Microbiome and Immuno-oncology therapies: similar research trajectories, by Georges Rawadi

Sep 17, 2019

The biotech sector is riding a new innovation wave: I’m referring to the microbiome. 

It will be as ground-breaking as immunotherapy was for cancer treatment in the 2000s. Back then, CAR-T cell-based therapies, using specially altered immune cells to identify and eliminate cancerous cells, represented a quantum leap in cancer treatment. Because of my background, I am very familiar with this field, and I see many similarities between the development of immunotherapy and that of microbiome-based therapies. 

What exactly do they have in common?

Both therapies have emerged from fundamental and descriptive science. In the 2000s, when fundamental researchers started studying immune cells using powerful analytical tools, their aim wasn’t specifically to treat cancer. What they wanted, was to understand the mechanisms that regulate our immune system and its relationship with sick cells. Immuno-oncology emerged from the knowledge built up in this area and led to the development of extremely precise, effective revolutionary treatments for many types of cancer. Checkpoint inhibitors and CAR-T cell-based therapies, for example. 

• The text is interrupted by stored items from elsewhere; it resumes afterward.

(* Reversing a path gives a walk back of the same length. *)
Lemma reachable_in_both x y : exists k, reachable_in k x y /\ reachable_in k y x.
Proof.
case/connectP: (e_connected x y) => p xp ->.
exists (size p); split; first exact: reachable_in_path.
have back : path e (last x p) (rev (belast x p)).
  by rewrite rev_path; apply: sub_path xp => a b; rewrite e_sym.
have := reachable_in_path back; rewrite size_rev size_belast.
by case: p {xp back} => [|y0 p] //=; rewrite rev_cons last_rcons.
Qed.

(* Otherwise [x |-> odd (f x)], with [f x] the length of walks between [r] and
   [x], would 2-colour [e]. *)
Lemma odd_closed_walk r : exists k, odd k /\ reachable_in k r r.
Proof.
have [f rf] := choice (reachable_in_both r).
apply: contrapT => no_odd; apply: e_nonbipartite.
exists (fun x => odd (f x)) => x y exy; apply/negP => /eqP fxy; apply: no_odd.
exists (f x + 1 + f y)%N; split.
  by rewrite !oddD fxy; case: (odd (f y)).
exact: reachable_inD (reachable_inD (proj1 (rf x)) (reachable_in1 exy)) (proj2 (rf y)).
Qed.

Lemma reachable_in_eventually r : exists K, forall k, (K <= k)%N -> reachable_in k r r.
Proof.
have [L [oddL rL]] := odd_closed_walk r.
have [u ru] := exists_neighbour e_connected e_nonbipartite r.
have r2 : reachable_in 2 r r.
  by apply: (@reachable_inD 1 1 _ u); apply: reachable_in1; rewrite // e_sym.
have r_even m : reachable_in m.*2 r r.
  elim: m => [|m IHm]; first exact: reachable_in0.
  by rewrite doubleS -addn2; apply: reachable_inD IHm r2.
exists L => k Lk; have := odd_double_half k; case: (boolP (odd k)) => oddk /= <-.
  have -> : (1 + k./2.*2 = L + (k - L)./2.*2)%N.
    by have := odd_double_half (k - L); rewrite oddB // oddL oddk /=; lia.
  exact: reachable_inD rL (r_even _).
exact: r_even.
Qed.

Lemma exists_positive_power : exists N, forall x y, reachable_in N x y.
Proof.
have [r _] := exists_edge e_nonbipartite.
have [f rf] := choice (reachable_in_both r).
have [K rK] := reachable_in_eventually r.
pose A := (\max_(x < n) f x)%N.
exists (A.*2 + K)%N => x y.
have [fx fy] : (f x <= A)%N /\ (f y <= A)%N by split; apply: leq_bigmax.
have -> : (A.*2 + K = f x + (A.*2 + K - f x - f y) + f y)%N by lia.
apply: reachable_inD (proj1 (rf y)).
by apply: reachable_inD (proj2 (rf x)) (rK _ _); lia.
Qed.

End Primitive.

Lemma contracting_cvg0 (R : realType) (h : nat -> R) (N : nat) (c : R) :
  (forall t, 0 <= h t) -> (forall t, h t.+1 <= h t) -> 0 <= c < 1 ->
  (forall t, h (t + N)%N <= c * h t) -> h @ \oo --> 0.
Proof.
move=> h_ge0 h_step /andP[c_ge0 c_lt1] h_contract.
have h_mono s t : (s <= t)%N -> h t <= h s.
  move=> st; rewrite -(subnKC st); elim: (t - s)%N => [|k IHk]; first by rewrite addn0.
  by rewrite addnS (le_trans (h_step _)).
have h_geom q : h (q * N)%N <= c ^+ q * h 0.
  elim: q => [|q IHq]; first by rewrite mul0n expr0 mul1r.
  by rewrite mulSnr exprS -mulrA (le_trans (h_contract _)) // ler_wpM2l.
have geom0 : (fun q => c ^+ q * h 0) @ \oo --> 0.
  by rewrite -(mul0r (h 0)); apply: cvgMr_tmp; apply: cvg_expr; rewrite ger0_norm.
apply/cvgr0Pnorm_le => eps eps_gt0.
have [q _ Hq] := cvgr0_norm_le _ geom0 _ eps_gt0.
exists (q * N)%N => // t /= qN_le_t; rewrite ger0_norm //.
apply: le_trans (h_mono _ _ qN_le_t) _; apply: le_trans (h_geom q) _.
by have := Hq q (leqnn q); rewrite ger0_norm // mulr_ge0 ?exprn_ge0.
Qed.

Section ScalarRandomWalk.
Variables (R : realType) (n : nat) (w : 'I_n -> 'I_n -> R) (e : rel 'I_n).
Hypotheses (w_ge0 : forall i j, 0 <= w i j) (w_sym : forall i j, w i j = w j i).
Hypothesis w_support : forall i j, (w i j != 0) = e i j.
Hypotheses (e_connected : forall x y, connect e x y) (e_nonbipartite : ~ bipartite e).

Definition wdeg i := \sum_j w i j.

Lemma w_gt0 i j : e i j -> 0 < w i j.
Proof. by rewrite -w_support lt_def w_ge0 andbT. Qed.

Lemma wdeg_gt0 i : 0 < wdeg i.
Proof.
have [u iu] := exists_neighbour e_connected e_nonbipartite i.
by rewrite /wdeg (bigD1 u) //= ltr_wpDr ?w_gt0 //; apply: sumr_ge0.
Qed.

Definition transition : 'M[R]_n := \matrix_(i, j) (w i j / wdeg i).

Lemma transition_stochastic : stochastic transition.
Proof.
split=> [i j|i]; first by rewrite mxE divr_ge0 // ltW // wdeg_gt0.
under eq_bigr do rewrite mxE.
by rewrite -mulr_suml divff // gt_eqF // wdeg_gt0.
Qed.

Lemma transition_power_contracts :
  exists N c, 0 <= c < 1 /\ forall v, osc (transition ^+ N *m v) <= c * osc v.
Proof.
have [P_ge0 _] := transition_stochastic.
have P_gt0 i j : e i j -> 0 < transition i j.
  by move=> eij; rewrite mxE divr_gt0 ?w_gt0 ?wdeg_gt0.
have e_sym : symmetric e by move=> i j; rewrite -!w_support w_sym.
have [N PN_gt0] := exists_positive_power P_ge0 P_gt0 e_sym e_connected e_nonbipartite.
have [a _] := exists_edge e_nonbipartite.
have [[i j] _ PN_min] := @arg_minP _ R _ (a, a) xpredT
  (fun ij => (transition ^+ N) ij.1 ij.2) erefl.
set dl := (transition ^+ N) i j in PN_min.
have [PN_ge0 PN_sum] := stochasticX N transition_stochastic.
have dl_le1 : dl <= 1.
  apply: le_trans (PN_min (a, a) erefl) _; rewrite -(PN_sum a) (bigD1 a) //= lerDl.
  exact: sumr_ge0.
have dl_gt0 : 0 < dl := PN_gt0 i j.
exists N, (1 - dl); split; first by apply/andP; split; lra.
move=> v; apply: osc_stochastic_contract => // i' j'.
exact: (PN_min (i', j')).
Qed.

Section Dynamics.
Variable z : nat -> 'I_n -> R.
Hypothesis z_step : forall t j, z t.+1 j = \sum_i w i j / wdeg i * z t i.

Definition density t : 'cV[R]_n := \col_i (z t i / wdeg i).

Lemma density_step t : density t.+1 = transition *m density t.
Proof.
apply/matrixP => j c; rewrite !mxE z_step mulr_suml; apply: eq_bigr => i _.
by rewrite !mxE w_sym; ring.
Qed.

Lemma density_iter t k : density (t + k)%N = transition ^+ k *m density t.
Proof.
elim: k => [|k IHk]; first by rewrite addn0 expr0 mul1mx.
by rewrite addnS density_step IHk mulmxA mulmxE -exprS.
Qed.

Lemma sum_z_conserved t : \sum_i z t i = \sum_i z 0 i.
Proof.
elim: t => [//|t <-]; under eq_bigr do rewrite z_step.
rewrite exchange_big /=; apply: eq_bigr => i _.
by rewrite -!mulr_suml divff ?mul1r // gt_eqF // wdeg_gt0.
Qed.

Lemma z_dist_le_osc t j :
  `|z t j - wdeg j / (\sum_i wdeg i) * \sum_i z 0 i| <= wdeg j * osc (density t).
Proof.
set D := \sum_i wdeg i.
have dj_gt0 := wdeg_gt0 j.
have D_gt0 : 0 < D.
  by rewrite /D (bigD1 j) //= ltr_wpDr //; apply: sumr_ge0 => i _; rewrite ltW ?wdeg_gt0.
set pi := fun i => wdeg i / D.
have pi_ge0 i : 0 <= pi i by rewrite divr_ge0 ?ltW ?wdeg_gt0.
have pi_sum : \sum_i pi i = 1 by rewrite -mulr_suml divff // gt_eqF.
have pi_expand : \sum_i pi i * (density t j 0 - density t i 0) =
    z t j / wdeg j - (\sum_i z t i) / D.
  rewrite (eq_bigr (fun i => pi i * density t j 0 - z t i / D)) => [|i _].
    by rewrite sumrB -mulr_suml pi_sum mul1r -mulr_suml mxE.
  by rewrite /pi !mxE; field; rewrite !gt_eqF ?wdeg_gt0.
have -> : z t j - wdeg j / D * \sum_i z 0 i =
    wdeg j * \sum_i pi i * (density t j 0 - density t i 0).
  by rewrite pi_expand (sum_z_conserved t); field; rewrite !gt_eqF.
rewrite normrM gtr0_norm // ler_pM2l // ler_norml -[osc _]mul1r -pi_sum mulr_suml.
rewrite -sumrN; apply/andP; split; apply: ler_sum => i _.
  by rewrite -mulrN ler_wpM2l // lerNl opprB le_osc.
by rewrite ler_wpM2l // le_osc.
Qed.

Lemma osc_density_cvg0 : osc (density t) @[t --> \oo] --> 0.
Proof.
have [N [c [c01 contract]]] := transition_power_contracts.
have [P_ge0 _] := transition_stochastic.
apply: (@contracting_cvg0 _ _ N c) => // [t|t|t]; first exact: osc_ge0.
  rewrite density_step -[leRHS]mul1r -[1 in leRHS]subr0.
  exact: (osc_stochastic_contract (density t) transition_stochastic P_ge0 ler01).
by rewrite density_iter.
Qed.

Theorem random_walk_cvg j :
  z t j @[t --> \oo] --> wdeg j / (\sum_i wdeg i) * \sum_i z 0 i.
Proof.
have dj_gt0 := wdeg_gt0 j.
apply/cvgrPdist_le => eps eps_gt0.
apply: filterS (cvgr0_norm_le _ osc_density_cvg0 _ (divr_gt0 eps_gt0 dj_gt0)) => t.
rewrite ger0_norm ?osc_ge0 // => osc_small.
rewrite distrC (le_trans (z_dist_le_osc t j)) //.
apply: le_trans (ler_wpM2l (ltW dj_gt0) osc_small) _.
by rewrite mulrCA divff ?mulr1 // gt_eqF.
Qed.

End Dynamics.
End ScalarRandomWalk.

Lemma ptrans_cat (R : realType) (n nd : nat) (W : 'I_n -> 'I_n -> 'M[R]_nd) x p q :
  ptrans W x (p ++ q) = ptrans W x p *m ptrans W (last x p) q.
Proof.
elim: p x => [|y p IHp] x /=; first by rewrite mul1mx.
by rewrite IHp mulmxA.
Qed.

With these therapies, 20 years elapsed between the initial description of CAR-T cells and the first experiments conducted by Zelig Eshhar in the late 80s to understand and perfect the system. Today, they serve as a genuine alternative to try treat the disease.

As far as the microbiome is concerned, we are at the dawn of an era that will revolutionize the way we design and develop new treatments for chronic illnesses. Research into the microbiome is currently at a fairly similar stage to CAR-T research fifteen or so years ago. Because of their throughput, coverage and affordability, the latest sequencing technologies allow us to explore the entire intestinal microbiome and monitor how it develops over a lifetime. 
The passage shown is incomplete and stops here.